A carboxylic acid continuous method of preparing amide (by machine translation)

The invention discloses a continuous process for preparing amides of carboxylic acid method, it comprises the following steps: raw material carboxylic acid with the catalyst is dissolved in a solvent as a material A, acyl acyl reagent or reagent is dissolved in a solvent as a material B, amine reagent or an amine reagent is dissolved in the water as the material C, material A and material B respectively through the infusion pump delivering it into a tubular reactor I acyl reaction, the obtained intermediate product acyl chloride by the infusion pump 3 conveying the material into the tubular reactor C together with the amination reaction II, the reaction mixture after flowing out of the tubular reactor II, through after treatment to obtain the target amide. The invention adopts the technical, can ensure that the whole process is continuous, controllable, raw materials less dose, high safety, and can be easily realized and hermetical, continuous, automated production; the invention through the use of low-cost proton acid catalytic reaction, its low cost, after treatment is simple, easy to separate and remove, from the source to avoid the generation of the carcinogen, consistent with the requirement of environmental protection. (by machine translation)

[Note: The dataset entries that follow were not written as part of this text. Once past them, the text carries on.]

(* For an integer $b\ge2$ let $O_{12(b-2)+k}$, $k\in\{1,5,7\}$, denote respectively $Y(b;(2,1),(3,2),(4,3))$, $Y(b;(2,1),(3,1),(4,3))$, $Y(b;(2,1),(3,2),(4,1))$, and let $X$ be its canonical negative definite plumbed 4-manifold, with intersection form $Q_X$ on $H_2(X;\mathbb{Z})$. Then for every $n\ge1$, the orthogonal direct sum of $n$ copies of $Q_X$ does not embed (as a lattice, i.e. by a homomorphism preserving the pairing) into the standard negative definite lattice $(\mathbb{Z}^{N},\langle-1\rangle^{N})$ with $N=n\cdot\mathrm{rk}(Q_X)$.
   Context: $Y(b;(\alpha_1,\beta_1),\dots,(\alpha_r,\beta_r))$ with $\alpha_i>\beta_i>0$ coprime and $b-\sum\beta_i/\alpha_i>0$ is the boundary of its canonical negative definite plumbing: a central vertex of weight $-b$ and, for each $i$, a leg with weights $-a_i^1,\dots,-a_i^{s_i}$ where $\alpha_i/\beta_i=a_i^1-1/(a_i^2-\cdots-1/a_i^{s_i})$, $a_i^j\ge2$ (vertices are disk bundles over $S^2$ of the given Euler numbers, edges are plumbings). Concretely: for $k=1$ the legs are $(-2)$, $(-2,-2)$, $(-2,-2,-2)$; for $k=5$ they are $(-2)$, $(-3)$, $(-2,-2,-2)$; for $k=7$ they are $(-2)$, $(-2,-2)$, $(-4)$. $Q_X$ is the intersection form in the basis of spheres corresponding to vertices. $(\mathbb{Z}^N,\langle-1\rangle^N)$ is $\mathbb{Z}^N$ with $e_i\cdot e_j=-\delta_{ij}$. *)

From HB Require Import structures.
From mathcomp Require Import all_boot all_order all_algebra.
Set Implicit Arguments. Unset Strict Implicit. Unset Printing Implicit Defensive.
Import Order.TTheory GRing.Theory Num.Theory.
Local Open Scope ring_scope.

(** Hirzebruch-Jung (negative) continued fraction expansion
    alpha/beta = a1 - 1/(a2 - ... - 1/as), a_j >= 2, for alpha > beta > 0.
    [fuel] bounds the recursion (fuel = alpha suffices). *)
Fixpoint hj_cf_aux (fuel alpha beta : nat) : seq nat :=
  match fuel with
  | 0 => [::]
  | fuel'.+1 =>
      if beta == 0%N then [::]
      else let a := ((alpha + beta - 1) %/ beta)%N in
           a :: hj_cf_aux fuel' beta (a * beta - alpha)%N
  end.
Definition hj_cf (alpha beta : nat) : seq nat := hj_cf_aux alpha alpha beta.

Definition seifert_data (k : nat) : seq (nat * nat) :=
  if k == 1%N then [:: (2,1); (3,2); (4,3)]%N
  else if k == 5%N then [:: (2,1); (3,1); (4,3)]%N
  else [:: (2,1); (3,2); (4,1)]%N.

(** Legs of the canonical star-shaped plumbing: list of (-)weights per leg. *)
Definition legs_of (d : seq (nat * nat)) : seq (seq nat) :=
  [seq hj_cf p.1 p.2 | p <- d].

(** Non-central vertices, as (leg index, position in leg, a_i^j). *)
Definition leg_verts (legs : seq (seq nat)) : seq (nat * nat * nat) :=
  flatten [seq [seq (l, t, nth 0%N (nth [::] legs l) t)
               | t <- iota 0 (size (nth [::] legs l))]
          | l <- iota 0 (size legs)].

(** Vertex set of the plumbing graph: None = central vertex. *)
Definition pvert (legs : seq (seq nat)) : finType :=
  option 'I_(size (leg_verts legs)).

Definition lv (legs : seq (seq nat)) (i : 'I_(size (leg_verts legs))) :=
  nth (0, 0, 0)%N (leg_verts legs) i.

Definition lv_leg legs (i : 'I_(size (leg_verts legs))) : nat := (lv i).1.1.
Definition lv_pos legs (i : 'I_(size (leg_verts legs))) : nat := (lv i).1.2.
Definition lv_wt legs (i : 'I_(size (leg_verts legs))) : nat := (lv i).2.

Definition plumb_form (b : nat) (legs : seq (seq nat))
    (x y : pvert legs) : int :=
  match x, y with
  | None, None => - (b%:Z)
  | None, Some j => if lv_pos j == 0%N then 1 else 0
  | Some i, None => if lv_pos i == 0%N then 1 else 0
  | Some i, Some j =>
      if i == j then - ((lv_wt i)%:Z)
      else if (lv_leg i == lv_leg j) &&
              (((lv_pos i).+1 == lv_pos j) || ((lv_pos j).+1 == lv_pos i))
           then 1 else 0
  end.

Definition X_legs (k : nat) := legs_of (seifert_data k).
Definition QX (b k : nat) : pvert (X_legs k) -> pvert (X_legs k) -> int :=
  @plumb_form b (X_legs k).

Definition bform (V : finType) (M : V -> V -> int)
    (u v : {ffun V -> int}) : int :=
  \sum_(x : V) \sum_(y : V) u x * M x y * v y.

Definition osum (n : nat) (V : finType) (M : V -> V -> int)
    (p q : 'I_n * V) : int :=
  if p.1 == q.1 then M p.2 q.2 else 0.

Definition negstd (N : nat) (i j : 'I_N) : int := - ((i == j)%:R).

Definition lattice_embeds (V W : finType) (MV : V -> V -> int)
    (MW : W -> W -> int) : Prop :=
  exists f : {ffun V -> int} -> {ffun W -> int},
    (forall u v, f (u + v) = f u + f v) /\
    (forall u v, bform MW (f u) (f v) = bform MV u v).

From HB Require Import structures.
From mathcomp Require Import all_boot all_order all_algebra ring lra zify.
Set Implicit Arguments.
Unset Strict Implicit.
Unset Printing Implicit Defensive.
Import Order.TTheory GRing.Theory Num.Theory.
Local Open Scope ring_scope.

Method for preparing derivatives of benzamide under microwave condition in aqueous phase

The invention discloses a method for preparing derivatives of benzamide under a microwave condition in an aqueous phase. A coupling reaction is carried out between substituted benzoic acid and amine under the microwave condition in the aqueous phase. The method for preparing the derivatives of benzamide is environmentally friendly, easy and convenient to operate, safe, low in cost and efficient. Compared with the prior art, the method can be applicable to a large number of functional groups, is high in yield, produces fewer by-products, and further is easy to operate, safe, low in cost and environmentally friendly. A formula is shown in the description.